Originally Posted by Amoafwl


You need to make YOU a priority. Until YOU are a healthy individual, your W isnt going to be interested in reconciling and frankly, even if she were, it wouldnt be a lasting connection. The only person that can control your happiness right now is you. YOU are making the CHOICE to be unhappy based on her actions. How can you take back that power? It isnt easy, but I know you CAN do it.



Again, I hear ya, but my head is spinning with all the what ifs.
What would make me happy (I think) would be bundling up the dog into my campervan and going on the road. But a lot of things need to happen until I can do that, so I need to make all of these things happen first. I need to find a flat, get the house sold so I can buy the camper and convert it.

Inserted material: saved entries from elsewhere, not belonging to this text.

(* Let $\mathcal{X}$ be an $n$-premaniplex and $(\mathcal{Y},\eta)$ an $(n,m)$-voltage operator such that $\mathcal{X}\rtimes_\eta\mathcal{Y}$ is connected. Let $\gamma\in\operatorname{Aut}(\mathcal{X}\rtimes_\eta\mathcal{Y})$ and $\tau\in\operatorname{Aut}(\mathcal{Y})$. If for some flag $(x_0,y_0)$ and some $x_1\in\mathcal{X}$ we have $(x_0,y_0)\gamma=(x_1,y_0\tau)$, then $\gamma$ is a lift of $\tau$, i.e. the $\mathcal{Y}$-coordinate of $(x,y)\gamma$ is $y\tau$ for every flag $(x,y)$.
   Context: An $n$-premaniplex is an edge-coloured graph (semi-edges and parallel edges allowed) with colours $\{0,\dots,n-1\}$ such that every vertex (flag) is the start of exactly one dart of each colour, and for $|i-j|\ge2$ alternating $i,j$-paths of length 4 are closed; $x^i$ is the $i$-adjacent flag of $x$. $\mathcal{C}^n=\langle r_0,\dots,r_{n-1}\mid r_i^2,\ (r_ir_j)^2\ (|i-j|\ge2)\rangle$ acts on the left on flags by $r_ix=x^i$; automorphisms act on the right and commute with this action. For a flag $y$ of an $m$-premaniplex $\mathcal{Y}$ and $\omega\in\mathcal{C}^m$, $W_\omega(y)$ is the homotopy class of paths from $y$ whose colour sequence $i_1,\dots,i_k$ satisfies $r_{i_k}\cdots r_{i_1}=\omega$; these form the fundamental groupoid $\Pi(\mathcal{Y})$. A voltage assignment $\eta:\Pi(\mathcal{Y})\to\mathcal{C}^n$ satisfies $\eta(W_1W_2)=\eta(W_2)\eta(W_1)$; $(\mathcal{Y},\eta)$ is an $(n,m)$-voltage operator. $\mathcal{X}\rtimes_\eta\mathcal{Y}$ has flags $\mathcal{X}\times\mathcal{Y}$ and $(x,y)^i=(\eta(W_{r_i}(y))x,r_iy)$, $i\in\{0,\dots,m-1\}$; hence $\omega(x,y)=(\eta(W_\omega(y))x,\omega y)$. *)

From mathcomp Require Import all_boot.
Set Implicit Arguments. Unset Strict Implicit. Unset Printing Implicit Defensive.

Definition far (i j : nat) : bool := (i.+1 < j) || (j.+1 < i).

Definition walk (k : nat) (T : Type) (adj : 'I_k -> T -> T) (z : T) (p : seq 'I_k) : T :=
  foldl (fun z i => adj i z) z p.

(* an element of C^k given by a word w = [a_1;...;a_l] denotes r_{a_1} ... r_{a_l};
   its left action on flags *)
Definition act (k : nat) (T : Type) (adj : 'I_k -> T -> T) (w : seq 'I_k) (z : T) : T :=
  foldr (fun i z => adj i z) z w.

(* equality in the Coxeter group C^k = < r_i | r_i^2, (r_i r_j)^2 (|i-j|>=2) >
   of words; also, applied to colour sequences of paths, homotopy of paths
   with a common starting flag (backtracking and alternating 4-cycles) *)
Inductive coxeq (k : nat) : seq 'I_k -> seq 'I_k -> Prop :=
| cx_refl w : coxeq w w
| cx_sym u v : coxeq u v -> coxeq v u
| cx_trans u v w : coxeq u v -> coxeq v w -> coxeq u w
| cx_inv u v (i : 'I_k) : coxeq (u ++ i :: i :: v) (u ++ v)
| cx_comm u v (i j : 'I_k) : far i j -> coxeq (u ++ i :: j :: v) (u ++ j :: i :: v).

Record premaniplex (n : nat) := Premaniplex {
  flag :> Type;
  adj : 'I_n -> flag -> flag;
  adj_inv : forall i x, adj i (adj i x) = x;
  adj_far : forall (i j : 'I_n) x, far i j -> adj i (adj j (adj i (adj j x))) = x
}.

(* A homotopy class of paths in Y is given by a start flag y and a colour
   sequence p (modulo coxeq); eta y p is (a word representing) its voltage.
   eta(W1 W2) = eta(W2) eta(W1). *)
Record voltage (m : nat) (Y : premaniplex m) (n : nat) := Voltage {
  eta :> flag Y -> seq 'I_m -> seq 'I_n;
  eta_homot : forall y p q, coxeq p q -> coxeq (eta y p) (eta y q);
  eta_comp : forall y p q,
    coxeq (eta y (p ++ q)) (eta (walk (@adj _ Y) y p) q ++ eta y p)
}.

Definition prod_adj (n m : nat) (X : premaniplex n) (Y : premaniplex m)
  (eta : voltage Y n) (i : 'I_m) (z : flag X * flag Y) : flag X * flag Y :=
  (act (@adj _ X) (eta z.2 [:: i]) z.1, adj i z.2).

Definition connected (k : nat) (T : Type) (adj : 'I_k -> T -> T) : Prop :=
  forall a b : T, exists p, walk adj a p = b.

(* automorphism (written as a function; acts on the right in the paper) *)
Definition is_aut (k : nat) (T : Type) (adj : 'I_k -> T -> T) (f : T -> T) : Prop :=
  bijective f /\ forall i z, f (adj i z) = adj i (f z).

From mathcomp Require Import all_boot.

(* The Y-coordinate of [(x, y)^i] is [y^i], so both [z |-> (z gamma).2] and
   [z |-> z.2 tau] commute with every i-adjacency of X ⋊_eta Y; two such maps
   that agree at one flag of a connected structure agree everywhere. *)

Section ColourPreservingMaps.

Variables (k : nat) (T U : Type) (adjT : 'I_k -> T -> T) (adjU : 'I_k -> U -> U).

Definition colour_preserving (f : T -> U) : Prop :=
  forall i z, f (adjT i z) = adjU i (f z).

Lemma walk_colour_preserving (f : T -> U) :
  colour_preserving f -> forall z p, f (walk adjT z p) = walk adjU (f z) p.
Proof. by move=> f_adj z p; elim: p z => [|i p IHp] z //=; rewrite IHp f_adj. Qed.

Lemma connected_colour_preserving_eq (f g : T -> U) (a : T) :
  connected adjT -> colour_preserving f -> colour_preserving g ->
  f a = g a -> forall b, f b = g b.
Proof.
move=> conn f_adj g_adj fa_ga b; have [p <-] := conn a b.
by rewrite !walk_colour_preserving // fa_ga.
Qed.

End ColourPreservingMaps.

Theorem lemma6p8 (n m : nat) (X : premaniplex n) (Y : premaniplex m)
  (eta : voltage Y n) (gamma : flag X * flag Y -> flag X * flag Y)
  (tau : flag Y -> flag Y) :
  connected (@prod_adj n m X Y eta) ->
  is_aut (@prod_adj n m X Y eta) gamma ->
  is_aut (@adj _ Y) tau ->
  forall (x0 : flag X) (y0 : flag Y) (x1 : flag X),
    gamma (x0, y0) = (x1, tau y0) ->
  forall (x : flag X) (y : flag Y), (gamma (x, y)).2 = tau y.
Proof.
move=> conn [_ gamma_adj] [_ tau_adj] x0 y0 x1 gamma_x0y0 x y.
apply: (@connected_colour_preserving_eq _ _ _ _ (@adj _ Y)
          (fun z => (gamma z).2) (fun z => tau z.2) (x0, y0) conn).
- by move=> i z; rewrite /= gamma_adj.
- by move=> i z; rewrite /= tau_adj.
- by rewrite /= gamma_x0y0.
Qed.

Yes, I could go work at a cafe or pub, but I would still just sit there pondering what she is up to, same as I do in the house, but without my dog for comfort (he's the best for that!). Plus, I'd spend money eating out while working, which I don't want to do. I don't feel like socializing with strangers, never been great at that. Honestly, I am not trying to make excuses for not GAL, but it should be a life I want to get, not doing stuff I don't feel up to for the sake of doing it, otherwise it would just be fake.
There are a few things I am looking into doing (sewing meetup, salsa dancing etc.) once work is a little less busy hopefully by the end of next week, and hopefully her going away for a few days will give me a breather in the house without listening for the key in the door.

I know I need to focus on all of the things I want to do vs. sitting and hoping that the affair is just imagined or she will "come to her senses" just because I turned down Chinese food.

All points taken, my head knows you're right, it's just my heart that is still screaming.

Last edited by HumBug; 07/20/18 05:51 PM.